### YOUR ASSIGNMENT
From the first record to the last, write each one out again exactly.
○ ○ ○ ○ ○ ○ ○
(* Let $q\ge2$, let $\delta$ be such that the matrix $\mathbf M$ with diagonal entries $1-(q-1)\delta$ and all off-diagonal entries $\delta$ is an ergodic stochastic matrix on $\{1,\dots,q\}$, so that $\lambda_2(\mathbf M)=1-q\delta$. If $b$ is a positive integer with $b\,|\lambda_2(\mathbf M)|\le1$, then the reconstruction problem for $T_b$ and $\mathbf M$ is not solvable.
   Context: Tree process on a rooted tree with root $\rho$: the root label is drawn from an initial distribution, and each non-root vertex $v$ with parent $v'$ receives label $j$ with probability $\mathbf M_{\sigma_{v'},j}$, independently across edges given parent labels. $T_b$ is the infinite rooted tree in which every vertex has exactly $b$ children. $L_n$ is the set of vertices at distance $n$ from $\rho$ and $\sigma_n=(\sigma_v)_{v\in L_n}$. With $\mathbf P_n^\ell$ the conditional law of $\sigma_n$ given $\sigma_\rho=\ell$ and $D_V(P,Q)=\frac12\sum|P-Q|$, the reconstruction problem is solvable if there exist $i,j$ with $\lim_n D_V(\mathbf P_n^i,\mathbf P_n^j)>0$. *)

From HB Require Import structures.
From mathcomp Require Import all_boot all_order all_algebra.
From mathcomp Require Import all_classical all_reals all_analysis.
Set Implicit Arguments. Unset Strict Implicit. Unset Printing Implicit Defensive.
Import Order.TTheory GRing.Theory Num.Theory.
Import numFieldNormedType.Exports.
Local Open Scope ring_scope.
○ ○ ○ ○ ○ ○ ○
### ANSWER SPACE
(* Let $q\ge2$, let $\delta$ be such that the matrix $\mathbf M$ with diagonal entries $1-(q-1)\delta$ and all off-diagonal entries $\delta$ is an ergodic stochastic matrix on $\{1,\dots,q\}$, so that $\lambda_2(\mathbf M)=1-q\delta$. If $b$ is a positive integer with $b\,|\lambda_2(\mathbf M)|\le1$, then the reconstruction problem for $T_b$ and $\mathbf M$ is not solvable.
   Context: Tree process on a rooted tree with root $\rho$: the root label is drawn from an initial distribution, and each non-root vertex $v$ with parent $v'$ receives label $j$ with probability $\mathbf M_{\sigma_{v'},j}$, independently across edges given parent labels. $T_b$ is the infinite rooted tree in which every vertex has exactly $b$ children. $L_n$ is the set of vertices at distance $n$ from $\rho$ and $\sigma_n=(\sigma_v)_{v\in L_n}$. With $\mathbf P_n^\ell$ the conditional law of $\sigma_n$ given $\sigma_\rho=\ell$ and $D_V(P,Q)=\frac12\sum|P-Q|$, the reconstruction problem is solvable if there exist $i,j$ with $\lim_n D_V(\mathbf P_n^i,\mathbf P_n^j)>0$. *)

From HB Require Import structures.
From mathcomp Require Import all_boot all_order all_algebra.
From mathcomp Require Import all_classical all_reals all_analysis.
Set Implicit Arguments. Unset Strict Implicit. Unset Printing Implicit Defensive.
Import Order.TTheory GRing.Theory Num.Theory.
Import numFieldNormedType.Exports.
Local Open Scope ring_scope.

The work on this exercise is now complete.